- [EXERCISE MATERIALS]:

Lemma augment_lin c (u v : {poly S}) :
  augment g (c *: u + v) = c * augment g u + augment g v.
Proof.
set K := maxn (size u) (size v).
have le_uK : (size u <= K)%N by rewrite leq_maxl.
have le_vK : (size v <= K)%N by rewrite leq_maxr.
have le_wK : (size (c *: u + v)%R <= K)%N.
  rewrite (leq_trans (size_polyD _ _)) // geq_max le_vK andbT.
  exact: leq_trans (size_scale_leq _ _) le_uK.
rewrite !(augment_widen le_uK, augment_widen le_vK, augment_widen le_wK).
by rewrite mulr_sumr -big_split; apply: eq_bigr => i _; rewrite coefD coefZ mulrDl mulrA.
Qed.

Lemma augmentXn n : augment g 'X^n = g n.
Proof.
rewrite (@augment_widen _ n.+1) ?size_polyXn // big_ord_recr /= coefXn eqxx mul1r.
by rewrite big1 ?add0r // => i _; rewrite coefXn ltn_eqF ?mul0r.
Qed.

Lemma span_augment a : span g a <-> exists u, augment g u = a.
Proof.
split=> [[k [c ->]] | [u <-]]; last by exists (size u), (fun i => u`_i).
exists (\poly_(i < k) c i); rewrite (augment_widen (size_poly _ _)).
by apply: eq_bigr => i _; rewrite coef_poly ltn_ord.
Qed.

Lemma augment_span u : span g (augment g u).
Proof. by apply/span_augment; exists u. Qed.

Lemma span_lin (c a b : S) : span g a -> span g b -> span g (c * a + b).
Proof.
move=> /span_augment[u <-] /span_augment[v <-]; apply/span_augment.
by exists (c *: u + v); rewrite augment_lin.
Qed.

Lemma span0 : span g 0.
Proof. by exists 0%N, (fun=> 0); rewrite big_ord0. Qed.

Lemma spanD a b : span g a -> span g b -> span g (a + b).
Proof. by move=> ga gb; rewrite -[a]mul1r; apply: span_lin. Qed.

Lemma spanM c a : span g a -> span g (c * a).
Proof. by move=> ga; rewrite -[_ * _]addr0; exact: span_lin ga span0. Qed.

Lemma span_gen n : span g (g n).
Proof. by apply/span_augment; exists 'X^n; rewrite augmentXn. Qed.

...

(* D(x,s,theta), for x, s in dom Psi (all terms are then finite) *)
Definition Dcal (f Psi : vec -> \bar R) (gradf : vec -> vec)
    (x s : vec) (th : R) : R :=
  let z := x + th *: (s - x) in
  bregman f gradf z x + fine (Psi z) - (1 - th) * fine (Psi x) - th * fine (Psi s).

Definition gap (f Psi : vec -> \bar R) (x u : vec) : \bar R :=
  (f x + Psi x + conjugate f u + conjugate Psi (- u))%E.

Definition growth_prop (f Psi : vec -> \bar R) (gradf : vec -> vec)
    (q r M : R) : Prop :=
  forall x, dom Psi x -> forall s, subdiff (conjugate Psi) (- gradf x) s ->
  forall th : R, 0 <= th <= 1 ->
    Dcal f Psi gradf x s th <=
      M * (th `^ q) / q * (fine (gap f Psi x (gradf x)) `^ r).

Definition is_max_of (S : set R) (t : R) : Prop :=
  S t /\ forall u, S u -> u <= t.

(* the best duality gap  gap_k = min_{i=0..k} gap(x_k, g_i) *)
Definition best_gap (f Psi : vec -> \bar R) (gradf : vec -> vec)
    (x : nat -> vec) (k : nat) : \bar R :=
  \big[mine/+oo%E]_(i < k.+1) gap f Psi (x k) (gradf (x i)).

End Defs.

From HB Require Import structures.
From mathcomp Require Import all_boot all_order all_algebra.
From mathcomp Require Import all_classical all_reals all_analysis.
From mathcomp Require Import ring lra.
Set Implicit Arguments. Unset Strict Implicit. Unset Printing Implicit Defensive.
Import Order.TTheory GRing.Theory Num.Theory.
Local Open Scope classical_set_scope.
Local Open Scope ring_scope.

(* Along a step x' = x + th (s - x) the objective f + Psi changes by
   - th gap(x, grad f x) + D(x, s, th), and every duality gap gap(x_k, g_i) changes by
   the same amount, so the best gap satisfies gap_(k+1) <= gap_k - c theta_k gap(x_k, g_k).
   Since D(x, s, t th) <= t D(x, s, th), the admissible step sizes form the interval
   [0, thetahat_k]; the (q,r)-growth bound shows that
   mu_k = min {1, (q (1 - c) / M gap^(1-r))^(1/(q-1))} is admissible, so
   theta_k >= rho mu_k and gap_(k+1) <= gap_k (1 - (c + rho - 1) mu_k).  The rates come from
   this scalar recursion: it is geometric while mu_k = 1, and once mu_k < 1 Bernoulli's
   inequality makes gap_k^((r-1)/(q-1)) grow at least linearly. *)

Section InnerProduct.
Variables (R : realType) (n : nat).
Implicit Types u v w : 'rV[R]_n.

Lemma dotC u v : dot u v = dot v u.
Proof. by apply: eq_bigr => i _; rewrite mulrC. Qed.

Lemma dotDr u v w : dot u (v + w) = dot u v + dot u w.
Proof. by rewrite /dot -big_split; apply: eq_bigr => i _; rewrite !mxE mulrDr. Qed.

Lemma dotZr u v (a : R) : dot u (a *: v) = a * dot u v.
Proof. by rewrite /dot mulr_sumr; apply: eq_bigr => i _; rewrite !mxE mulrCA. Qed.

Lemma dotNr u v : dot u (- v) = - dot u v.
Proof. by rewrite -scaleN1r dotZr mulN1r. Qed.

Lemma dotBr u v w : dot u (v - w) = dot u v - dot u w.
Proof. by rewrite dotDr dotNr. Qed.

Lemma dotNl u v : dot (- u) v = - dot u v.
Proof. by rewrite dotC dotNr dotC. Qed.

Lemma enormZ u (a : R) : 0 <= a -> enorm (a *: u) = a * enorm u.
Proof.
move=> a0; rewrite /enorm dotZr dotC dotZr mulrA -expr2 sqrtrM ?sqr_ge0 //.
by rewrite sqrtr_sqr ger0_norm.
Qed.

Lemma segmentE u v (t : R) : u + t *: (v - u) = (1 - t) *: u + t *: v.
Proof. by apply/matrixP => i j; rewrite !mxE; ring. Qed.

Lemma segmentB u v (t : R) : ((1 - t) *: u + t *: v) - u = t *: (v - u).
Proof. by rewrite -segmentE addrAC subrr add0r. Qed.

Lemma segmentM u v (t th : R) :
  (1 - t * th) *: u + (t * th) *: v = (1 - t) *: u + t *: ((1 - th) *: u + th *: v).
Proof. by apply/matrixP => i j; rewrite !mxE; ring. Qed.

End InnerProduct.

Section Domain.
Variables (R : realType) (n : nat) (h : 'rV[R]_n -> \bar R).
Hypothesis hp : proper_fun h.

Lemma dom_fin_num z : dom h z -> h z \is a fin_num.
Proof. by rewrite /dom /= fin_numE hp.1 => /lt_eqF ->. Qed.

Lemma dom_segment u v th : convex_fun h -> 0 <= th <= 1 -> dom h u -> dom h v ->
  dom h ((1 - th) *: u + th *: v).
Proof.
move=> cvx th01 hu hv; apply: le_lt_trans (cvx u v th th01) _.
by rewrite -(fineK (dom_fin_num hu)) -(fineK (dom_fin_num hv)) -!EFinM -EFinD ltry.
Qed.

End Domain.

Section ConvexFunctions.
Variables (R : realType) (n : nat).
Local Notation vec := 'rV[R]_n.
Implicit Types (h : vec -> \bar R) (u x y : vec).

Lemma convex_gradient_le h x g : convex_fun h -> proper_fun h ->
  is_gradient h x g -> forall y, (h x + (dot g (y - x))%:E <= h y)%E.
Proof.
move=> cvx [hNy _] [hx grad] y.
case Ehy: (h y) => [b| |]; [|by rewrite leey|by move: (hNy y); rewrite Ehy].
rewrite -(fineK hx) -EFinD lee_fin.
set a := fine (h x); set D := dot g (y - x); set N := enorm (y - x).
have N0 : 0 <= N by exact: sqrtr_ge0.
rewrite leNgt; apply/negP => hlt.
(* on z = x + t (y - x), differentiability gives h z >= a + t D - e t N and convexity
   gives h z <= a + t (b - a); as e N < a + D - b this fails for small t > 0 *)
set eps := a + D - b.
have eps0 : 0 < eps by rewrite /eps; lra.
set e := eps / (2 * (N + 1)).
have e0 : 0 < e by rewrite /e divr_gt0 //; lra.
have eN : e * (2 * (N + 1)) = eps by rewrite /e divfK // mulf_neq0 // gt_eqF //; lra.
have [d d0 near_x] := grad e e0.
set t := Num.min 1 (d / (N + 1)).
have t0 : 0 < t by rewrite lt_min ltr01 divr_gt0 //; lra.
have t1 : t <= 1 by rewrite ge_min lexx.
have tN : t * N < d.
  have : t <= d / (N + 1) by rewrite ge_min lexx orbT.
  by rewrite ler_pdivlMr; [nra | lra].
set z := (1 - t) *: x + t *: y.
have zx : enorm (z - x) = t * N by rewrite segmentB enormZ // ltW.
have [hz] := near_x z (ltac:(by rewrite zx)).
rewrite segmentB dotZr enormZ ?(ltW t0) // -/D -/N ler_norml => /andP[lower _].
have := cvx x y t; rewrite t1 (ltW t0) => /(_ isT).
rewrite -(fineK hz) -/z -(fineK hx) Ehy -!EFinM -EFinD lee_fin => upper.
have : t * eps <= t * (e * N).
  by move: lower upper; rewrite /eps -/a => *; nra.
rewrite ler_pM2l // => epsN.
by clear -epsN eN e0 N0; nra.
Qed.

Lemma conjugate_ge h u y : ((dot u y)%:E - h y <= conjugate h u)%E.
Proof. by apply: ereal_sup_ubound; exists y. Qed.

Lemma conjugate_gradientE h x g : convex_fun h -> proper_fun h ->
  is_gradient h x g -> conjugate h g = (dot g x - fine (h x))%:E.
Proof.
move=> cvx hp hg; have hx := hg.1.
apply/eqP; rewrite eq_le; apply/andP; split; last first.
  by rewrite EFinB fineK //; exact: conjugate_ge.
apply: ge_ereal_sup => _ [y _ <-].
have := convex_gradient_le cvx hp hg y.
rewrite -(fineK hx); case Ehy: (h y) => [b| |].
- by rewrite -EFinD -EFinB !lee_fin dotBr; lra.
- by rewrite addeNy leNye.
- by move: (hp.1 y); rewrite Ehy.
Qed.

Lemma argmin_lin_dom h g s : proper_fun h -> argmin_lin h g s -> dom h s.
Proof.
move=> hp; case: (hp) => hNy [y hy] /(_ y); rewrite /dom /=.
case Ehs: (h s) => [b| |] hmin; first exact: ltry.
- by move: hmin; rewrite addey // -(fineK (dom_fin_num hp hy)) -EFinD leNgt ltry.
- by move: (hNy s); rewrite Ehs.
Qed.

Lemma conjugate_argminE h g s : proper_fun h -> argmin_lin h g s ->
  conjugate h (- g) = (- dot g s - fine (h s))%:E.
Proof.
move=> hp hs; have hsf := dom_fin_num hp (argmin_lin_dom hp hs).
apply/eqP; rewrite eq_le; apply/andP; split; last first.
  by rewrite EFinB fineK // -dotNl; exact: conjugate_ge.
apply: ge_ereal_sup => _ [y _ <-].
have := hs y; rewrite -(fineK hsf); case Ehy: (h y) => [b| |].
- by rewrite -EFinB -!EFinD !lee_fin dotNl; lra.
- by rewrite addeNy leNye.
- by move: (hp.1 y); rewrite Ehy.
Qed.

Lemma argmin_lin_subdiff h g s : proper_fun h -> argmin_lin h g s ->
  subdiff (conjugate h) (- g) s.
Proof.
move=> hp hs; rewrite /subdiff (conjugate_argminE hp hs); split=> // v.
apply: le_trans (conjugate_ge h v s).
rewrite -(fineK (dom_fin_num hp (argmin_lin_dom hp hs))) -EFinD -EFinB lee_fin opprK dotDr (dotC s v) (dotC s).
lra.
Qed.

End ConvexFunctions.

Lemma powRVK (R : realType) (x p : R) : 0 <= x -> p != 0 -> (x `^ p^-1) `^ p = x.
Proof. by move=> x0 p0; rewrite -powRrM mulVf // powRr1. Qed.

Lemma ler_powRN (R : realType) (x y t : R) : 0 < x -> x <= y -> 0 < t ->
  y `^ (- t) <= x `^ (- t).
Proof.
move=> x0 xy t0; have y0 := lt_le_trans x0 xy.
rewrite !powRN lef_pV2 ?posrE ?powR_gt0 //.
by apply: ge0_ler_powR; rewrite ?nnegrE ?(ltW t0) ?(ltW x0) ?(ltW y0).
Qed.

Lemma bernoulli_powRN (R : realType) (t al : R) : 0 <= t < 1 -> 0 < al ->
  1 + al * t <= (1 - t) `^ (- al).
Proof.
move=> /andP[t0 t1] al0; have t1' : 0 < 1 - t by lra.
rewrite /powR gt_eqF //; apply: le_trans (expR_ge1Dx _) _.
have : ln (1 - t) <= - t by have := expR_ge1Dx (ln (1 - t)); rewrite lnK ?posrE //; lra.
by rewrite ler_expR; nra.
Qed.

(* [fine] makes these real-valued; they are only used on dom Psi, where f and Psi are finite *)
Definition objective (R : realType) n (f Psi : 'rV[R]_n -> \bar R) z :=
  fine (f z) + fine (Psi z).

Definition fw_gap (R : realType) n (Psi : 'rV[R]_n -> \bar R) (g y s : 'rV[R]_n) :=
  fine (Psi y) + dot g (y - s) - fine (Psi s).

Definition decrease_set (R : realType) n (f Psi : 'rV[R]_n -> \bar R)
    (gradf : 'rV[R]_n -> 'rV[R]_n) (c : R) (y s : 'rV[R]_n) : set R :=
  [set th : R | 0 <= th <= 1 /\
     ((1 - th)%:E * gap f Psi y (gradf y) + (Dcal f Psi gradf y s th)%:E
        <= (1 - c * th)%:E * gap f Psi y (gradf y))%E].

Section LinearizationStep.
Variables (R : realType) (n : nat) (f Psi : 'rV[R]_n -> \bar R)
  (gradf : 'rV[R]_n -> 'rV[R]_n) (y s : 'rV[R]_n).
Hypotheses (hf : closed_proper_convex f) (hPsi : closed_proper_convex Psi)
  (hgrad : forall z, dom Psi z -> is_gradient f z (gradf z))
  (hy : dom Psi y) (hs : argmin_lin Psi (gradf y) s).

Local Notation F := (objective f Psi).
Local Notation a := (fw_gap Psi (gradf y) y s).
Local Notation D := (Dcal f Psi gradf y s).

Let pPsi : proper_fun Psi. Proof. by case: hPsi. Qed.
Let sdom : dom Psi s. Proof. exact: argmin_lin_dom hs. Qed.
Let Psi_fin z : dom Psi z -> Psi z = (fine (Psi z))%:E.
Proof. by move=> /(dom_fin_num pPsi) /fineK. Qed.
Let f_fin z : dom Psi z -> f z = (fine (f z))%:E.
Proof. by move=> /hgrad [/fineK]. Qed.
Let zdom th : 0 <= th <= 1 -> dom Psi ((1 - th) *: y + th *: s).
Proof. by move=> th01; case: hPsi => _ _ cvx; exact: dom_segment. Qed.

- [HOW TO COMPLETE THIS TASK]: Work out how many lines in this material contain the string "andP", and give that number alone.

- [RESPONSE TO THIS TASK]: 4